Overview

Python (along with R) has become the dominant language in machine learning and data science. It is now commonly used to fit complex models to messy datasets. PyTorch is an open-source machine learning library for Python, based on Torch, used for applications such as natural language processing. It is primarily developed by Facebook’s artificial-intelligence research group, and Uber’s Pyro software for probabilistic programming is built on it.

This workshop is delivered by our training partner Jumping Rivers

Outline

Introduction to machine learning

A brief introduction to the topic of machine learning and the machine learning landscape in Python.

Preprocessing

Building Preprocessing pipelines for data.

Introduction to deep learning and PyTorch

An introduction to the PyTorch framework for training deep learning models.

Building a neural network

Defining a class blueprint for a neural network model in PyTorch.

Training

Understanding feedforward networks, the backpropagation algorithm and optimisation.

Supervised learning

Building and training models for both regression and classification tasks.
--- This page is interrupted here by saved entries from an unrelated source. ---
(* Let $k\ge 1$ be an integer and let $\bm\delta=(\delta_1,\dots,\delta_k)$ be any fixed sequence of positive reals. Then \[C_k(n,\dots,n)=\begin{cases}\Omega\left(n^{\lfloor (k+1)/3\rfloor+1}\right), & \text{if } k\equiv 0,2 \pmod 3,\\ \Omega\left(n^{(k-1)/3}\,u_2(n)\right), & \text{if } k\equiv 1\pmod 3.\end{cases}\]
   Context: For a fixed $\bm\delta=(\delta_1,\dots,\delta_k)$ and sets $P_1,\dots,P_{k+1}\subseteq\mathbb{R}^2$, let $C_k(P_1,\dots,P_{k+1})$ be the number of $(k+1)$-tuples $(p_1,\dots,p_{k+1})$ with $p_i\in P_i$ for all $i$, $\|p_i-p_{i+1}\|=\delta_i$ for all $i\in[k]$, and $p_i\ne p_j$ for $i\ne j$. Let $C_k(n_1,\dots,n_{k+1})$ be the maximum of $C_k(P_1,\dots,P_{k+1})$ over all $P_1,\dots,P_{k+1}\subseteq\mathbb{R}^2$ with $|P_i|\le n_i$. $u_2(n)$ denotes the maximum number of pairs of points at distance exactly $1$ in a set of $n$ points in $\mathbb{R}^2$. Implicit constants may depend on $k$ and $\bm\delta$. *)

From Stdlib Require Import Reals Lra Lia List ListDec Arith Bool ClassicalEpsilon.
Import ListNotations.
Open Scope R_scope.

Definition pt : Type := (R * R)%type.

Definition pt_eq_dec (p q : pt) : {p = q} + {p <> q}.
Proof.
  destruct p as [a b], q as [c d].
  destruct (Req_EM_T a c) as [H1|H1]; destruct (Req_EM_T b d) as [H2|H2];
    subst; [left; reflexivity | right; intro H; inversion H; auto ..].
Defined.

Definition dist (p q : pt) : R :=
  sqrt ((fst p - fst q) ^ 2 + (snd p - snd q) ^ 2).

Definition distb (p q : pt) (d : R) : bool :=
  if Req_EM_T (dist p q) d then true else false.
Consideration and exploration of different layers and activation functions within a neural network architecture.

Convolutional neural networks

Learning with image data.

Transfer learning

Leverage the power of existing neural network architectures and weights. This is a powerful technique for training finely tuned models for accomplishing tasks with your own data.

Deep learning landscape

An exploration of other types of deep learning, the tasks that they aim to solve and how we might implement these in PyTorch. For example unsupervised, reinforcement learning.

Requirements

The course assumes familiarity with the python programming language including experience of OOP, writing ones own classes in python. Some knowledge of calculus, matrix algebra and probability would be helpful but not essential.

Course Structure

The course will be a mixture of lecture style session together with practical exercises. Practical exercises will give delegates the opportunity to build their own models on real data sets for tasks such as hand writing recognition and image classification.